(* Let $m \geq 0$, $n \geq 1$ be integers and let $c = (c^t; c^b)$ be a stable configuration on $K_{m,n}^0$. For $j \in \{1,\ldots,n\}$ define $k_j := |\{ i \in \{1,\ldots,m\} : c^t_i < j\}|$, and let $(\tilde{c}^b_1, \ldots, \tilde{c}^b_n)$ be the non-decreasing rearrangement of $c^b$. Then $c$ is deterministically recurrent if and only if $\tilde{c}^b_j \geq k_j$ for all $j \in \{1, \ldots, n\}$.
   Context: $K_{m,n}^0$ is the complete bipartite graph with ''top'' vertices $v^t_0, v^t_1, \ldots, v^t_m$ and ''bottom'' vertices $v^b_1, \ldots, v^b_n$, with an edge between every top vertex and every bottom vertex; $v^t_0$ is the sink. A configuration is a vector $c = (c^t_1, \ldots, c^t_m; c^b_1, \ldots, c^b_n)$ of non-negative integers ($c^*_i$ = number of grains at $v^*_i$). $c$ is stable if $c^t_i < n$ for all $i$ and $c^b_j < m+1$ for all $j$ (number of grains less than the degree). Abelian sandpile model (ASM): an unstable non-sink vertex topples by sending one grain to each of its neighbours (for bottom vertices this includes the sink); grains sent to the sink disappear. Repeated toppling from any configuration reaches a unique stable configuration independent of toppling order. In the Markov chain on stable configurations which at each step adds a grain to a uniformly random non-sink vertex and then stabilises by the ASM, a stable configuration is deterministically recurrent if it is a recurrent state (appears infinitely often). *)

From mathcomp Require Import all_boot.
Set Implicit Arguments. Unset Strict Implicit. Unset Printing Implicit Defensive.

[EXERCISE BRIEF]: All the data needs repeating. Return it exactly.

[ANSWER SECTION]:
(* Let $m \geq 0$, $n \geq 1$ be integers and let $c = (c^t; c^b)$ be a stable configuration on $K_{m,n}^0$. For $j \in \{1,\ldots,n\}$ define $k_j := |\{ i \in \{1,\ldots,m\} : c^t_i < j\}|$, and let $(\tilde{c}^b_1, \ldots, \tilde{c}^b_n)$ be the non-decreasing rearrangement of $c^b$. Then $c$ is deterministically recurrent if and only if $\tilde{c}^b_j \geq k_j$ for all $j \in \{1, \ldots, n\}$.
   Context: $K_{m,n}^0$ is the complete bipartite graph with ''top'' vertices $v^t_0, v^t_1, \ldots, v^t_m$ and ''bottom'' vertices $v^b_1, \ldots, v^b_n$, with an edge between every top vertex and every bottom vertex; $v^t_0$ is the sink. A configuration is a vector $c = (c^t_1, \ldots, c^t_m; c^b_1, \ldots, c^b_n)$ of non-negative integers ($c^*_i$ = number of grains at $v^*_i$). $c$ is stable if $c^t_i < n$ for all $i$ and $c^b_j < m+1$ for all $j$ (number of grains less than the degree). Abelian sandpile model (ASM): an unstable non-sink vertex topples by sending one grain to each of its neighbours (for bottom vertices this includes the sink); grains sent to the sink disappear. Repeated toppling from any configuration reaches a unique stable configuration independent of toppling order. In the Markov chain on stable configurations which at each step adds a grain to a uniformly random non-sink vertex and then stabilises by the ASM, a stable configuration is deterministically recurrent if it is a recurrent state (appears infinitely often). *)

From mathcomp Require Import all_boot.
Set Implicit Arguments. Unset Strict Implicit. Unset Printing Implicit Defensive.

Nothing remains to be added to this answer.